Abstract
Disruptions in glucose uptake and metabolism in the brain are implicated in metabolic disorders and Alzheimer’s disease (AD). Toxic soluble amyloid-beta (sAß) peptides accumulating in the brain and plasma of AD patients were suggested to promote blood-brain barrier (BBB) dysfunction, brain hypometabolism, and cognitive decline. Exposure to sAß peptides is reported to interfere with glucose metabolism in the brain parenchyma, although their effects on the BBB have not been fully characterized. Our data showed that the brain uptake of glucose surrogate, [18F]-fluorodeoxyglucose (18FDG), was reduced significantly in APP/PS1 transgenic mice (overproduce Aß) compared to wild-type (WT) mice. In addition, the influx rate of 18FDG was also decreased in both Aß40 and Aß42 pre-infused mice compared to control mice. Glucose is primarily delivered from blood into the brain via glucose transporter 1 (GLUT1). The confocal microscopy experiment showed that Aß40 and Aß42 peptides significantly decreased GLUT1 expression in polarized human cerebral microvascular endothelial cell (hCMEC/D3) monolayers. Insulin-AKT pathway has been observed to induce glucose uptake via regulating the expression of TXNIP, the only α-arrestin protein known to bind to thioredoxin. We found that Aß40 and Aß42 peptides decreased p-AKT and increased TXNIP expression in the hCMEC/D3 cell monolayers. MK2206, a kinase inhibitor of AKT, was used to confirm that inhibition of insulin/AKT pathway reduced GLUT1 expression in an insulin-independent manner in the hCMEC/D3 cell monolayers. These results suggest that inhibitory effects of sAß on GLUT1 expression are mediated by inhibition of the insulin/AKT pathway. The role of TXNIP on endothelial GLUT1 expression was investigated using resveratrol, which has been reported to downregulate TXNIP overexpression. Consistently, resveratrol treatment led to a significant increase in GLUT1 expression in the hCMEC/D3 cell monolayers. Furthermore, by co-incubation of resveratrol and sAß peptides in hCMEC/D3 cell monolayers, we found that resveratrol rectified the aberrant TXNIP expression caused by sAß peptides. Together, these findings provide novel evidence that toxic sAß peptide exposure inhibits glucose transport at the BBB by decreasing GLUT1 expression via the insulin/Akt/TXNIP axis.
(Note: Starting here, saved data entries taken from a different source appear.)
(* For any $n$ and $f$ with $f<\frac{n}{2}$, the reliable broadcast algorithm described in the context is an $f$-resilient Byzantine linearizable implementation of a reliable broadcast object for $n$ processes, $f$ of which may be Byzantine, provided that (A1) every correct process invokes methods of the reliable broadcast API infinitely often, and (A2) no correct process invokes broadcast$(ts,val)$ twice with the same $ts$.
   Context: Model: processes $\Pi=\{1,\dots,n\}$, asynchronous, communicating only through reliable single-writer multi-reader (SWMR) registers. An adversary may adaptively corrupt up to $f$ processes; corrupted (Byzantine) processes deviate arbitrarily (e.g. write arbitrary values to their own registers). Correct processes follow the algorithm and take infinitely many steps. PKI: $\langle x\rangle_p$ denotes $x$ signed by $p$; signatures are unforgeable. Reliable broadcast object (sequential specification): operations broadcast$(ts,v)$ and deliver$(j,ts)$; deliver$(j,ts)$ returns the value $v$ of the first broadcast$(ts,v)$ invoked by process $j$ before it, or $\bot$ if none. Correctness notions: a history $H$ is linearizable if there is a sequential history, obtained by removing some pending operations and completing others, preserving the real-time order of operations and satisfying the sequential specification. $H|_{correct}$ is the subsequence of events of correct processes. $H$ is Byzantine linearizable if some linearizable $H'$ has $H'|_{correct}=H|_{correct}$; an implementation is Byzantine linearizable if all its execution histories are. It is $f$-resilient if, whenever at most $f$ processes fail, every correct process eventually returns from each operation it invokes. Algorithm (code for process $i$): $i$ owns SWMR registers $send_i$, $echo_i$, $ready_i$, $deliver_i$ (the last three hold sets, initially empty). conflicting-echo$(\langle ts,v\rangle_j)$: reads all echo registers; returns true iff there exist $w\neq v$ and $k\in\Pi$ with $\langle ts,w\rangle_j\in echo_k$. broadcast$(ts,val)$: write $send_i\gets\langle ts,val\rangle_i$; then repeatedly call deliver$(i,ts)$ until it returns a value $\neq\bot$, and return. deliver$(j,ts)$: call refresh(); if there exist $k\in\Pi$ and $v$ such that $\langle\langle ts,v\rangle_j,\sigma\rangle\in deliver_k$ where $\sigma$ is a set of $f+1$ signatures of distinct processes on $\langle ready,\langle ts,v\rangle_j\rangle$, then add $\langle\langle ts,v\rangle_j,\sigma\rangle$ to $deliver_i$ and return $v$; otherwise return $\bot$. refresh(): for each $j\in[n]$: read $m\gets send_j$; if $m$ is not of the form $\langle ts,val\rangle_j$, skip to next $j$; add $m$ (signed by $i$) to $echo_i$; if not conflicting-echo$(m)$, add $\langle ready,m\rangle_i$ to $ready_i$; if there is $S\subseteq\Pi$ with $|S|\geq f+1$ such that $\langle ready,m\rangle_l\in ready_l$ for all $l\in S$, and not conflicting-echo$(m)$, then add $\langle m,\{\langle ready,m\rangle_l: l\in S\}\rangle$ to $deliver_i$. *)

From HB Require Import structures.
From mathcomp Require Import all_boot.
From Stdlib Require List.
Set Implicit Arguments. Unset Strict Implicit. Unset Printing Implicit Defensive.

Section Model.
Variables (n f : nat) (V : eqType).
Local Notation proc := 'I_n.

(* Symbolic messages (PKI): MSig p m = <m>_p, MPair ts v = <ts,v>,     *)
(* MReady m = <ready,m>, MDel m sigma = <m,sigma>.                     *)
Inductive msg : Type :=
| MPair : nat -> V -> msg
| MSig : proc -> msg -> msg
| MReady : msg -> msg
| MDel : msg -> seq msg -> msg.

Fixpoint msg_eqb (a b : msg) {struct a} : bool :=
  match a, b with
  | MPair t v, MPair t' v' => (t == t') && (v == v')
  | MSig p m, MSig p' m' => (p == p') && msg_eqb m m'
  | MReady m, MReady m' => msg_eqb m m'
  | MDel m s, MDel m' s' =>
      msg_eqb m m' &&
      (fix eqs (s1 s2 : seq msg) {struct s1} : bool :=
         match s1, s2 with
         | [::], [::] => true
         | x :: s1', y :: s2' => msg_eqb x y && eqs s1' s2'
         | _, _ => false
         end) s s'
  | _, _ => false
  end.

Inductive subterm : msg -> msg -> Prop :=
| st_refl m : subterm m m
| st_sig m' p m : subterm m' m -> subterm m' (MSig p m)
| st_ready m' m : subterm m' m -> subterm m' (MReady m)
| st_del1 m' m s : subterm m' m -> subterm m' (MDel m s)
| st_del2 m' m s x : List.In x s -> subterm m' x -> subterm m' (MDel m s).

(* Registers: every process owns send/echo/ready/deliver; a register   *)
(* holds a finite list of messages (send_i holds [:: m] or garbage).   *)
Inductive rkind := RSend | REcho | RReady | RDeliver.

Definition rk_eqb (a b : rkind) : bool :=
  match a, b with
  | RSend, RSend | REcho, REcho | RReady, RReady | RDeliver, RDeliver => true
  | _, _ => false
  end.

Definition memory := proc -> rkind -> seq msg.

(* Programs of a correct process: one shared-register access per step. *)
Inductive prog : Type :=
| PRet : option V -> prog
| PRead : proc -> rkind -> (seq msg -> prog) -> prog
| PWrite : rkind -> (seq msg -> seq msg) -> prog -> prog.
(* PWrite k g p : write g(old content) into the own register of kind k
   (the single writer knows the content of its own register). *)

Definition add (x : msg) (s : seq msg) : seq msg :=
  if has (msg_eqb x) s then s else rcons s x.

Fixpoint read_all (k : rkind) (ps : seq proc) (acc : proc -> seq msg)
    (cont : (proc -> seq msg) -> prog) : prog :=
  match ps with
  | [::] => cont acc
  | p :: ps' =>
      PRead p k (fun x => read_all k ps' (fun q => if q == p then x else acc q) cont)
  end.

Definition read_all_regs (k : rkind) (cont : (proc -> seq msg) -> prog) : prog :=
  read_all k (enum proc) (fun _ => [::]) cont.

Definition send_content (j : proc) (x : seq msg) : option (nat * V) :=
  match x with
  | [:: MSig p (MPair ts v)] => if p == j then Some (ts, v) else None
  | _ => None
  end.

Definition conflicting (echo : proc -> seq msg) (j : proc) (ts : nat) (v : V) : bool :=
  [exists k : proc, has (fun x => match x with
       | MSig k' (MSig j' (MPair ts' w)) =>
           [&& k' == k, j' == j, ts' == ts & w != v]
       | _ => false end) (echo k)].

Definition ready_ok (rd : proc -> seq msg) (m : msg) (l : proc) : bool :=
  has (msg_eqb (MSig l (MReady m))) (rd l).
(* Super-core.  The family A(n) plays the role of A(., 1^n).           *)
Definition super_core (m : nat -> nat) (f : forall n, bits n -> bits (m n))
    (b : forall n, bits n -> bool) : Prop :=
  poly_computable_pred b /\
  ~ exists p : {poly rat}, positive_poly p /\
     ((exists A1 : nat -> ncircuit, npoly_size A1 /\
        infinitely_often (fun n =>
          prob n (fun x => ~~ nd_accepts (A1 n) (val (f n x)) && ~~ b n x)
          + 2^-1 * prob (m n) (fun y => nd_accepts (A1 n) (val y))
          >= 2^-1 + (peval p n)^-1))
    \/
      (exists A2 : nat -> ncircuit, npoly_size A2 /\
        infinitely_often (fun n =>
          prob n (fun x => cond_accepts (A2 n) (val (f n x)) && b n x)
          + 2^-1 * prob (m n) (fun y => ~~ cond_accepts (A2 n) (val y))
          >= 2^-1 + (peval p n)^-1))).

From mathcomp Require Import all_boot all_order all_algebra.
From mathcomp Require Import zify ring lra.
From Stdlib Require Import Classical_Prop.
Set Implicit Arguments. Unset Strict Implicit. Unset Printing Implicit Defensive.
Import Order.TTheory GRing.Theory Num.Theory.

(* A super-core b of a length-preserving f gives the super-bit x |-> b(x) f(x),
   and conversely the first bit of a super-bit g is a super-core of the rest
   of g.  Both directions rest on one probabilistic identity
   ([advantage_split]): the advantage of a test D in distinguishing b(x) f(x)
   from a uniform string equals  S0(D0) + S1(A1) - 1,  where D0 is D with
   first bit 0, A1 the complement of D with first bit 1, and S0, S1 are the
   two "prediction scores" bounded by 1/2 in the definition of a super-core.
   - core => bit: an advantage >= e forces S0(D0) or S1(A1) to reach
     1/2 + e/2, and D0, A1 are (co-)nondeterministic circuits of polynomial
     size, contradicting the super-core property;
   - bit => core: a predictor A is turned into a distinguisher whose other
     half is trivial (score exactly 1/2), so its advantage is score - 1/2.
   The file first builds the needed circuit transformations (negation,
   fixing or or/and-ing the first input bit, parallel composition) and their
   size bounds, then the probability lemmas, and finally the two directions. *)

Definition run (gs : seq gate) (w : seq bool) : seq bool :=
  foldl (fun w g => rcons w (eval_gate w g)) w gs.
Lemma permseq_inj (s : {perm 'I_t}) : injective (@permseq p t s).
Proof. by move=> x y /ffunP e; apply/ffunP => k; have := e k; rewrite !ffunE => /perm_inj. Qed.

Lemma permseqM (s u : {perm 'I_t}) (x : seqT) :
  permseq s (permseq u x) = permseq (u * s)%g x.
Proof. by apply/ffunP => k; rewrite !ffunE permM. Qed.

Definition relabel_equivariant (M : seqT -> 'M[R]_(p, t)) :=
  forall (s : {perm 'I_t}) x, M (permseq s x) = M x *m perm_mx s.

Lemma perm_eq_inv (s : {perm 'I_t}) (x i : 'I_t) : (s x == i) = (x == (s^-1)%g i).
Proof. by rewrite -(inj_eq (@perm_inj _ (s^-1)%g)) permK. Qed.

Lemma Tmat_equivariant : relabel_equivariant (@Tmat R p t).
Proof. by move=> s x; apply/matrixP => k i; rewrite mulmx_perm_mxE !mxE ffunE perm_eq_inv. Qed.

Lemma Fmat_equivariant : relabel_equivariant (@Fmat R p t).
Proof.
move=> s x; apply/matrixP => k i; rewrite mulmx_perm_mxE !mxE.
by under eq_existsb do rewrite ffunE perm_eq_inv.
Qed.

Lemma sum_permseq (V : lmodType R) (P : design) (f : seqT -> V) (s : {perm 'I_t}) :
  symmetric_design P -> \sum_x P x *: f (permseq s x) = \sum_x P x *: f x.
Proof.
move=> Psym; rewrite [RHS](reindex_inj (@permseq_inj s)) /=.
by apply: eq_bigr => x _; rewrite Psym.
Qed.

Lemma design_mean_perm (M : seqT -> 'M[R]_(p, t)) (P : design) (s : {perm 'I_t}) :
  relabel_equivariant M -> symmetric_design P ->
  (\sum_x P x *: M x) *m perm_mx s = \sum_x P x *: M x.
Proof.
move=> Meq Psym; rewrite mulmx_suml -[RHS](sum_permseq _ s Psym).
by apply: eq_bigr => x _; rewrite Meq scalemxAl.
Qed.
Lemma is_derive_flat k x :
  is_derive (flat k) x (- INR k * flat (S k) x + flat (S (S k)) x).
Proof.
  destruct (Rtotal_order x 0) as [Hn|[H0|Hp]].
  - rewrite !flat_npos by lra.
    apply is_derive_ext_loc with (fun _ => 0); [|eapply is_derive_ext;
      [intros; reflexivity|]; replace (- INR k * 0 + 0) with 0 by ring;
      exact (is_derive_const 0 x)].
    assert (Hx : 0 < - x) by lra.
    exists (mkposreal _ Hx); intros y Hy; change (Rabs (y - x) < - x) in Hy.
    apply Rabs_def2 in Hy. rewrite flat_npos by lra; reflexivity.
  - subst; rewrite !flat_npos by lra.
    replace (- INR k * 0 + 0) with 0 by ring. apply is_derive_flat_0.
  - rewrite !flat_pos by exact Hp.
    apply is_derive_ext_loc with (fun u => (/ u) ^ k * exp (- / u)).
    + exists (mkposreal x Hp); intros y Hy; change (Rabs (y - x) < x) in Hy.
      apply Rabs_def2 in Hy. rewrite flat_pos by lra; reflexivity.
    + auto_derive; [lra|].
      destruct k as [|j]; cbn [pow Nat.pred]; [simpl; field; lra|].
      rewrite S_INR; field; lra.
Qed.

Lemma derivable_n_flat n : forall k, derivable_n n (flat k).
Proof.
  induction n as [|n IH]; intros k; simpl; auto.
  exists (fun x => - INR k * flat (S k) x + flat (S (S k)) x); split.
  - intros; apply is_derive_flat.
  - apply derivable_n_plus; auto. apply derivable_n_mult; auto. apply derivable_n_const.
Qed.

Lemma flat0_le u v : u <= v -> flat 0 u <= flat 0 v.
Proof.
  intros H. destruct (Rle_dec u 0) as [Hu|Hu]; [rewrite flat_npos; [apply flat_ge0|lra]|].
  rewrite !flat_pos by lra; simpl; rewrite !Rmult_1_l.
  destruct (Req_dec u v) as [->|Hne]; [lra|].
  apply Rlt_le, exp_increasing, Ropp_lt_contravar, Rinv_lt_contravar; [nra|lra].
Qed.
(* Let $\widetilde{\mathsf{Op}}$ be the GPT associated with an operational theory. Then $\widetilde{\mathsf{Op}}$ is tomographically local if and only if, for every system $A$, every linearly independent spanning set of states $\{\widetilde P^A_j\}_{j=1}^{m^A}$ and every linearly independent spanning set of effects $\{\widetilde E^A_i\}_{i=1}^{m^A}$, the $m^A\times m^A$ matrix $\mathbf{N}_{\widetilde{\mathbb 1}_A}$ with entries $(\mathbf{N}_{\widetilde{\mathbb 1}_A})_{j,i}:=\widetilde E^A_j\circ\widetilde P^A_i$ is invertible and, writing $\mathbf{M}_{\widetilde{\mathbb 1}_A}:=\mathbf{N}_{\widetilde{\mathbb 1}_A}^{-1}$, the identity process on $A$ decomposes as $$\widetilde{\mathbb 1}_A=\sum_{i,j=1}^{m^A}(\mathbf{M}_{\widetilde{\mathbb 1}_A})_{j,i}\;\widetilde P^A_j\circ\widetilde E^A_i .$$
   Context: A process theory consists of systems (closed under composition $\otimes$, with trivial system $I$) and processes, closed under sequential composition $\circ$ and parallel composition $\otimes$, with identities; processes $I\to A$ are states, $A\to I$ effects. An operational theory is a process theory of procedures with a probability rule $p$ assigning each closed diagram a value in $[0,1]$; two procedures of the same type are operationally equivalent if they yield equal probabilities when plugged into any tester $\tau=(s,e,W)$ ($s:I\to A\otimes W$, $e:B\otimes W\to I$, yielding $e\circ(T\otimes\mathrm{id}_W)\circ s$); finitely many testers suffice for each type. The associated GPT $\widetilde{\mathsf{Op}}$ has as processes the equivalence classes, composed via representatives; closed diagrams are real numbers (probabilities); each class of type $A\to B$ is identified with its vector of probabilities on a finite tomographically complete set of testers, so linear combinations of processes of a given type are elements of a finite-dimensional real vector space, and sequential and parallel composition extend bilinearly to these linear combinations. For a system $A$, the states of $A$ span a finite-dimensional vector space of dimension $m^A$ and the effects on $A$ span a space of the same dimension; a ''linearly independent spanning set'' of states (effects) is a basis of this span consisting of states (effects). For an effect $E$ on $A$ and a state $P$ of $B$, $P\circ E$ denotes the process $A\to B$ obtained by sequential composition through the trivial system. $\widetilde{\mathsf{Op}}$ is tomographically local if any two processes of the same type (possibly with several input systems $A_1,\dots$ and output systems $B_1,\dots$) that give equal probabilities when composed with all products of states on their inputs and all products of effects on their outputs are equal. *)

From HB Require Import structures.
From mathcomp Require Import all_boot all_order all_algebra.
From mathcomp Require Import reals.
Set Implicit Arguments.
Unset Strict Implicit.
Unset Printing Implicit Defensive.
Import Order.TTheory GRing.Theory Num.Theory.
Local Open Scope ring_scope.

(* Systems are finite lists of elementary systems (strict monoid):
   trivial system I = [::], composite A (x) B = A ++ B. *)

Definition castLin (Atom : Type) (R : realType)
  (Lin : seq Atom -> seq Atom -> vectType R)
  (A A' B B' : seq Atom) (eA : A = A') (eB : B = B') (f : Lin A B) : Lin A' B' :=
  match eA in _ = X return Lin X B' with
  | erefl => match eB in _ = Y return Lin A Y with erefl => f end
  end.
Competing Interest Statement
Dr. Lowe reported consulting for Bayer Schering Pharma, Piramal Life Sciences, Life Molecular Imaging, Eisai Inc., AVID Radiopharmaceuticals, and Merck Research and receiving research support from GE Healthcare, Siemens Molecular Imaging, AVID Radiopharmaceuticals and the NIH (NIA, NCI). The other authors declared no potential conflicts of interest with respect to the research, authorship, and/or publication of this article.